### Source data

--

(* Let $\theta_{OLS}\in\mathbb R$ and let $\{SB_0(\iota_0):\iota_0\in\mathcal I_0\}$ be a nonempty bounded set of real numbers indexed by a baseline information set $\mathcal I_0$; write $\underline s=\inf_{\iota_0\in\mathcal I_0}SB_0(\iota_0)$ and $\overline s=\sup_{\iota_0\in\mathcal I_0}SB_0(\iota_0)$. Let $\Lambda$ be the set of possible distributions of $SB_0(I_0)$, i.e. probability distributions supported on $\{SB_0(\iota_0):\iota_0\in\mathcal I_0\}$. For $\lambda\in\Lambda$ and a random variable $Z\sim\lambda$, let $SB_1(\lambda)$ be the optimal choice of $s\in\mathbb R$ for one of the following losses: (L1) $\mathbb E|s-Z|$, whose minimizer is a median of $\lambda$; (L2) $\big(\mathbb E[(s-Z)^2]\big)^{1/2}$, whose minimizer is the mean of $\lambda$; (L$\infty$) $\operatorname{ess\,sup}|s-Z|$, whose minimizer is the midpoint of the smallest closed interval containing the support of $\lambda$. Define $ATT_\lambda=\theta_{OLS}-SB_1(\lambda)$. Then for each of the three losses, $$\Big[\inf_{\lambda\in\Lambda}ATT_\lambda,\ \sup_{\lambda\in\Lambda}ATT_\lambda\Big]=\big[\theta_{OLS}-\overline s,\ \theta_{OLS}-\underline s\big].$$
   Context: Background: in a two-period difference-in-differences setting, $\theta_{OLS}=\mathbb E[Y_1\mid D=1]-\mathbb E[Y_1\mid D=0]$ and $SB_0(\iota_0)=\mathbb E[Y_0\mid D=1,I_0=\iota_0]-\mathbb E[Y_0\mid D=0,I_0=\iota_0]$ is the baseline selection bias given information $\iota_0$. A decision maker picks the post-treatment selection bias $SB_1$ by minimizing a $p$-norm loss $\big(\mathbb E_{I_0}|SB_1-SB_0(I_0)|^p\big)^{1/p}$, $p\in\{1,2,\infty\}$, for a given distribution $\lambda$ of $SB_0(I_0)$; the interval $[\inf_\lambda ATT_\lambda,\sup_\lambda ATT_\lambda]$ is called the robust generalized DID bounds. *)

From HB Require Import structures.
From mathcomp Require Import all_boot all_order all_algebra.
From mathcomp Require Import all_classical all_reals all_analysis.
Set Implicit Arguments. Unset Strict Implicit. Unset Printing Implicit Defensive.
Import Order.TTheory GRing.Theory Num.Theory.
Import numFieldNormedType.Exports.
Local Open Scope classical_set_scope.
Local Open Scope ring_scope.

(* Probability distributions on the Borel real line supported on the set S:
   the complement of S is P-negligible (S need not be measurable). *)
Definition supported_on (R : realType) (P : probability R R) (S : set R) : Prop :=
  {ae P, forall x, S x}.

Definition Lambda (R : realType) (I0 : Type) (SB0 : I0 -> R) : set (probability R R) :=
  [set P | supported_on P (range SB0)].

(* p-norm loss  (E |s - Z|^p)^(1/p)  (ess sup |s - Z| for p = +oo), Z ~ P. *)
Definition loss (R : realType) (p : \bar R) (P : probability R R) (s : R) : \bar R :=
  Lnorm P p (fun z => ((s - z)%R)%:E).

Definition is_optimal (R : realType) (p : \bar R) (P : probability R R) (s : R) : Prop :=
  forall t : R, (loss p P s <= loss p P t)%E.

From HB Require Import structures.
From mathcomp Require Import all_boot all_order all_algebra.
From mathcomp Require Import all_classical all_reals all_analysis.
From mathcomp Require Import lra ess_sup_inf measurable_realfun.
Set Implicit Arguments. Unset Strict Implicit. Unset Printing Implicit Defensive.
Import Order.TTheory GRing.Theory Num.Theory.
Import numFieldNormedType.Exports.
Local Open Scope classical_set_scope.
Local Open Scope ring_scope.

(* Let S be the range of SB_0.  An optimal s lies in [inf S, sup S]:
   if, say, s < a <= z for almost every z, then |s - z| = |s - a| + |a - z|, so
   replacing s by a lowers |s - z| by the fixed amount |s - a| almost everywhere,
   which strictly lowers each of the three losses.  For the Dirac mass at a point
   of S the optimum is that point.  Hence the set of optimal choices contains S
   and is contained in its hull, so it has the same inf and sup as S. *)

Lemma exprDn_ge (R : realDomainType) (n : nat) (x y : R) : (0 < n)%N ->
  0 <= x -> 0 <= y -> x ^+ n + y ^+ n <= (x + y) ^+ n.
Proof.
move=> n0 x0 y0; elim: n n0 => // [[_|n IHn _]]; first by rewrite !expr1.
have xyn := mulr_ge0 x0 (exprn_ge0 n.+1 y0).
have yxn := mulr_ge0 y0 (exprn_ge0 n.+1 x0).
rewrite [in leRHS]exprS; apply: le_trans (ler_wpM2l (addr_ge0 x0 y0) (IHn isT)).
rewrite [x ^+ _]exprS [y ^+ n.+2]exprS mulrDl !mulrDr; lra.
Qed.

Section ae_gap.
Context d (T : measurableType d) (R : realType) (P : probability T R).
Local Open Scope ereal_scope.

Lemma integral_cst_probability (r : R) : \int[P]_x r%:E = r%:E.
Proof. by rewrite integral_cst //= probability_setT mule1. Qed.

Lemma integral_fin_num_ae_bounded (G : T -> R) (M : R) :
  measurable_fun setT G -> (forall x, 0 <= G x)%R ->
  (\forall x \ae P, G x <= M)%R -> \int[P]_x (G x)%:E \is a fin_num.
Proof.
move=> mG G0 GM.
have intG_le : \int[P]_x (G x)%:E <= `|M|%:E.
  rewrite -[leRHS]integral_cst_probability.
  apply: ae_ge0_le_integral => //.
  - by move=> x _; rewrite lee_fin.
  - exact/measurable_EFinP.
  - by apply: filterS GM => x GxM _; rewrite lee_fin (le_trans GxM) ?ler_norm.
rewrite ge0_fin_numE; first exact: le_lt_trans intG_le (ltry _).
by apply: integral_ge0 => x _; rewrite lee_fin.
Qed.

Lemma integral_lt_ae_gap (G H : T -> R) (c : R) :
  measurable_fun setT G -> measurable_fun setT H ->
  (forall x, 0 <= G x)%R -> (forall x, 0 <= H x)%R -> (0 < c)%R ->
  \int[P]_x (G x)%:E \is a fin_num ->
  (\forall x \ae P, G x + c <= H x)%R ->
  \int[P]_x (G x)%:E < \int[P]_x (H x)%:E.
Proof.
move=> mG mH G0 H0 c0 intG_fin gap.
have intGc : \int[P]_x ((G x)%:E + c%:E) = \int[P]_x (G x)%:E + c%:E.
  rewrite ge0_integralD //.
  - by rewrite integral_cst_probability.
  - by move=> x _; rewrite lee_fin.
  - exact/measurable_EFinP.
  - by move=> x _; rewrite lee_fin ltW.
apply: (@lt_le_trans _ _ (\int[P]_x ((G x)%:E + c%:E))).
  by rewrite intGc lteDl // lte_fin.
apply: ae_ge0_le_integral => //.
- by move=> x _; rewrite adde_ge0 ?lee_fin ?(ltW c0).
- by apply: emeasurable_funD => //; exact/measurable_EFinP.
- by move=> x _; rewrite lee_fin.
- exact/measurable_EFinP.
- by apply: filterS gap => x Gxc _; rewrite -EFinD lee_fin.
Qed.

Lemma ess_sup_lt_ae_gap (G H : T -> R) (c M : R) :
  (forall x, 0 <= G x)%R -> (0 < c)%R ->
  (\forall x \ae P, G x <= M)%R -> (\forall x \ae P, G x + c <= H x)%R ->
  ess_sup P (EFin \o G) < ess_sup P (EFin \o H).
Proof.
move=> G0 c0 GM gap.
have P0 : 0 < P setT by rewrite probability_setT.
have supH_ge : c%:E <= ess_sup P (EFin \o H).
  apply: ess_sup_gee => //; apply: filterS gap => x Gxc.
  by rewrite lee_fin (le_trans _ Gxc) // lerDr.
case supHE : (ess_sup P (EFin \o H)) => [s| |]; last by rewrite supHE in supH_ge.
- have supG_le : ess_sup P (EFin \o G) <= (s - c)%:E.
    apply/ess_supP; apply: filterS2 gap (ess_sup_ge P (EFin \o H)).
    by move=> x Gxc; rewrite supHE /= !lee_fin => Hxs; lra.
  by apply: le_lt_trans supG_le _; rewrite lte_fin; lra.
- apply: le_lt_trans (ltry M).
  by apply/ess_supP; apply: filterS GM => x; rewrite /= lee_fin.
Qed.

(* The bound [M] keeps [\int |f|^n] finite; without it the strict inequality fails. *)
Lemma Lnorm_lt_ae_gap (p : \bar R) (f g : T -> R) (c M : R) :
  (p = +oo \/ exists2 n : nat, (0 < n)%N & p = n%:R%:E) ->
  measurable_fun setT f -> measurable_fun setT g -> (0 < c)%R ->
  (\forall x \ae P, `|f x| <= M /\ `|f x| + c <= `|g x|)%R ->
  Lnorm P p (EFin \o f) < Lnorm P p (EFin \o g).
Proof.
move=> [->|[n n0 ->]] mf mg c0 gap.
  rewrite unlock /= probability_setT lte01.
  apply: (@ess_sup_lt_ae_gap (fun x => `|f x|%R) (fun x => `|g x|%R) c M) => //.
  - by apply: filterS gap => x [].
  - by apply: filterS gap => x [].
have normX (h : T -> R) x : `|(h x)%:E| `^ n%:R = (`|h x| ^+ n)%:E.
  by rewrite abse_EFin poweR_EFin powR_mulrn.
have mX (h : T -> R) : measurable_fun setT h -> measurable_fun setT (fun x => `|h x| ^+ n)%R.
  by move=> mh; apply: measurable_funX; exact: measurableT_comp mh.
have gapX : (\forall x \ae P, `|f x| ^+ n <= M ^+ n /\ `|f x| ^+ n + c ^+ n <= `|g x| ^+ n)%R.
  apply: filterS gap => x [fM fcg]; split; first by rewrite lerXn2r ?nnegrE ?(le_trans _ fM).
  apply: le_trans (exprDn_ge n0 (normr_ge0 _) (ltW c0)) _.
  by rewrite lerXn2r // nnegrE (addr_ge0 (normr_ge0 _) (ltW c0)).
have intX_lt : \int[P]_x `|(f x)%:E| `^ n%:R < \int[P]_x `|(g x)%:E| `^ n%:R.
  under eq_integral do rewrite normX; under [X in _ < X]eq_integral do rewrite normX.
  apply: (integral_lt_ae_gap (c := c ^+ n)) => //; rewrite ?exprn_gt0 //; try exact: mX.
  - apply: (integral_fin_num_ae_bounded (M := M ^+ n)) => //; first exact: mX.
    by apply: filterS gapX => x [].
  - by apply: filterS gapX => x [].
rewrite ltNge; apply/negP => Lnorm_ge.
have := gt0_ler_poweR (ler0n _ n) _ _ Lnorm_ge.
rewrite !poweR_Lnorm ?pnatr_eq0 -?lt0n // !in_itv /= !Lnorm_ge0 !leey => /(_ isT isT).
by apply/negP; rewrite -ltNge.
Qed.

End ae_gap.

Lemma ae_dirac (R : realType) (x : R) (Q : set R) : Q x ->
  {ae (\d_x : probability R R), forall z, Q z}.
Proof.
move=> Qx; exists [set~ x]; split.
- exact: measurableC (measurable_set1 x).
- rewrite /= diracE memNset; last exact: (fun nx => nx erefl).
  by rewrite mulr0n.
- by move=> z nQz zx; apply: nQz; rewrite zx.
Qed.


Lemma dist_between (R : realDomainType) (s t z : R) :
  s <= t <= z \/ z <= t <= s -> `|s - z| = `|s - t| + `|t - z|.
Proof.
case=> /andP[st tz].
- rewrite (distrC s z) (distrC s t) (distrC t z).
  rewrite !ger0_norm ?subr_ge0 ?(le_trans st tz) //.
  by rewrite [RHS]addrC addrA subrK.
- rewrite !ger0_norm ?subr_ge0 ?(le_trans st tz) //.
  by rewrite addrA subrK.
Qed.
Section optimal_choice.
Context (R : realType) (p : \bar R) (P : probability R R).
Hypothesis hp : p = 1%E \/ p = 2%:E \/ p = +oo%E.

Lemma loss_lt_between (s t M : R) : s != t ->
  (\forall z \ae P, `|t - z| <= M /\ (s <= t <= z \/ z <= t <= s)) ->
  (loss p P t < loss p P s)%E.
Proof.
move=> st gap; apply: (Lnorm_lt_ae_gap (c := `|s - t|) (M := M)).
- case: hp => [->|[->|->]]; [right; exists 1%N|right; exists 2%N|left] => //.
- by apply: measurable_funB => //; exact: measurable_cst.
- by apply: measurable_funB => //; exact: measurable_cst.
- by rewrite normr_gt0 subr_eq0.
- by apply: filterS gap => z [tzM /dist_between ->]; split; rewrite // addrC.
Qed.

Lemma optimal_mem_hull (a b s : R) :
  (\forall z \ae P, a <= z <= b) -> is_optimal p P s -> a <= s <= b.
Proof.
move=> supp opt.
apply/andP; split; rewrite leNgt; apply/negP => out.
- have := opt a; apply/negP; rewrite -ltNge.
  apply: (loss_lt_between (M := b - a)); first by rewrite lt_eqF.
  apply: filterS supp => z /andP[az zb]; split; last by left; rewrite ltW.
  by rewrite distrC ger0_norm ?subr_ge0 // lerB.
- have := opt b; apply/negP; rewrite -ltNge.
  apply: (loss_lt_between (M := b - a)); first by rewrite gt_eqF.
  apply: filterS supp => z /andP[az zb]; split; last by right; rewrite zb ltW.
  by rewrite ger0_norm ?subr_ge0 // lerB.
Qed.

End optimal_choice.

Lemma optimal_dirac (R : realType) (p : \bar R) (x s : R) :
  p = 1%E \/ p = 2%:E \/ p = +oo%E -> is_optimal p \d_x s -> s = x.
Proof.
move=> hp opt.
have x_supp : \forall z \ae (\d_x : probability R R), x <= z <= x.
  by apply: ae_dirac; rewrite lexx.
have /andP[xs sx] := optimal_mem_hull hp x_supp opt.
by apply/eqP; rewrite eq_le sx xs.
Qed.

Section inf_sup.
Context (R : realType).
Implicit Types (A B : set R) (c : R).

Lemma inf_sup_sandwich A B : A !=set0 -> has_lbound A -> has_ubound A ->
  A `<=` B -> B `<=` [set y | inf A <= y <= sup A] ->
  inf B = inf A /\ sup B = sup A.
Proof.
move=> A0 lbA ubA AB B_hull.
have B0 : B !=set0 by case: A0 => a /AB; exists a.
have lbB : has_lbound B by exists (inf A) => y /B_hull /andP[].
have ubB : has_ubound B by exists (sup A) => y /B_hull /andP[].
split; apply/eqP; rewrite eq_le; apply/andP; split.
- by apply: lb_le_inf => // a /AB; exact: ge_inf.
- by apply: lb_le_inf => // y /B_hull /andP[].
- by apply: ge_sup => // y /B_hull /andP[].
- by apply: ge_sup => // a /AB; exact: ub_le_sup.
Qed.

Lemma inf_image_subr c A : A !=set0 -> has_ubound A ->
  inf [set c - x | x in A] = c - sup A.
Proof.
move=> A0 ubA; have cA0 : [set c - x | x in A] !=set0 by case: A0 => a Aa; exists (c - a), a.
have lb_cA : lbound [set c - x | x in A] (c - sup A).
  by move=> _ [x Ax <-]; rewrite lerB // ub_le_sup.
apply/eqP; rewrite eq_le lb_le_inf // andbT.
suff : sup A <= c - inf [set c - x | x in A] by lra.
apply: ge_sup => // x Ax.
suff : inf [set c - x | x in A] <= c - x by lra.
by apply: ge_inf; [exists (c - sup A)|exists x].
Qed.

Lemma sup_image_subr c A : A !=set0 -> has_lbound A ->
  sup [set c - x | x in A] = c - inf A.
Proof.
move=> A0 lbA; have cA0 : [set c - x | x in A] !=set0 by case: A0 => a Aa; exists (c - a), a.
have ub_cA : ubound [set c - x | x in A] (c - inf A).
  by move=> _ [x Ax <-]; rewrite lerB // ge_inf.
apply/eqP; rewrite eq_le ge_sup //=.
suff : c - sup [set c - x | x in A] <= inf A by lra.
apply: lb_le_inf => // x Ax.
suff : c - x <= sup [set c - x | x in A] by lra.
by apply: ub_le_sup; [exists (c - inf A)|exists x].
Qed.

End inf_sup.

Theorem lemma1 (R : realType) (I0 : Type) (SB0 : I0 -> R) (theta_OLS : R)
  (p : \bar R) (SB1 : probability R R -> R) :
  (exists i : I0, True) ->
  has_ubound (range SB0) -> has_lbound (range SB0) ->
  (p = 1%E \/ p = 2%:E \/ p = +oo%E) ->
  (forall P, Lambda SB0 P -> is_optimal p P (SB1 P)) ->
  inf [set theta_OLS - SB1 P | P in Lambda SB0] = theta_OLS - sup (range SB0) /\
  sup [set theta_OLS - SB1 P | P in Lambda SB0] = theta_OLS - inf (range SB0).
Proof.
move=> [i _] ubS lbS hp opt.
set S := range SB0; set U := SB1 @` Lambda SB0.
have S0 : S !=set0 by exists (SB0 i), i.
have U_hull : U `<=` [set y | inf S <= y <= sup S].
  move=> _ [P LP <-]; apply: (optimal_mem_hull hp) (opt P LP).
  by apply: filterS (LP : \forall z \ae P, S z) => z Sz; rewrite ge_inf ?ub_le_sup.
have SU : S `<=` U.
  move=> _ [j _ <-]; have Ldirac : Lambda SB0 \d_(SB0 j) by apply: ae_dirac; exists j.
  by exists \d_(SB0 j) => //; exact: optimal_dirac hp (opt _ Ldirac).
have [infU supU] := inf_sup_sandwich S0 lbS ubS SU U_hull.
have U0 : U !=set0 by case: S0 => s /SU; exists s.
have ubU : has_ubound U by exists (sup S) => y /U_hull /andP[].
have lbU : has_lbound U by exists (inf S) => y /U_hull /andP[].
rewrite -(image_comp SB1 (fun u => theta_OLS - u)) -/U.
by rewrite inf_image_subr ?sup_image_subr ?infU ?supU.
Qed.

--

### What is expected
Filter the entries down to the lines holding the string "intGc". Copy each of those lines.

### Task solution
have intGc : \int[P]_x ((G x)%:E + c%:E) = \int[P]_x (G x)%:E + c%:E.
  by rewrite intGc lteDl // lte_fin.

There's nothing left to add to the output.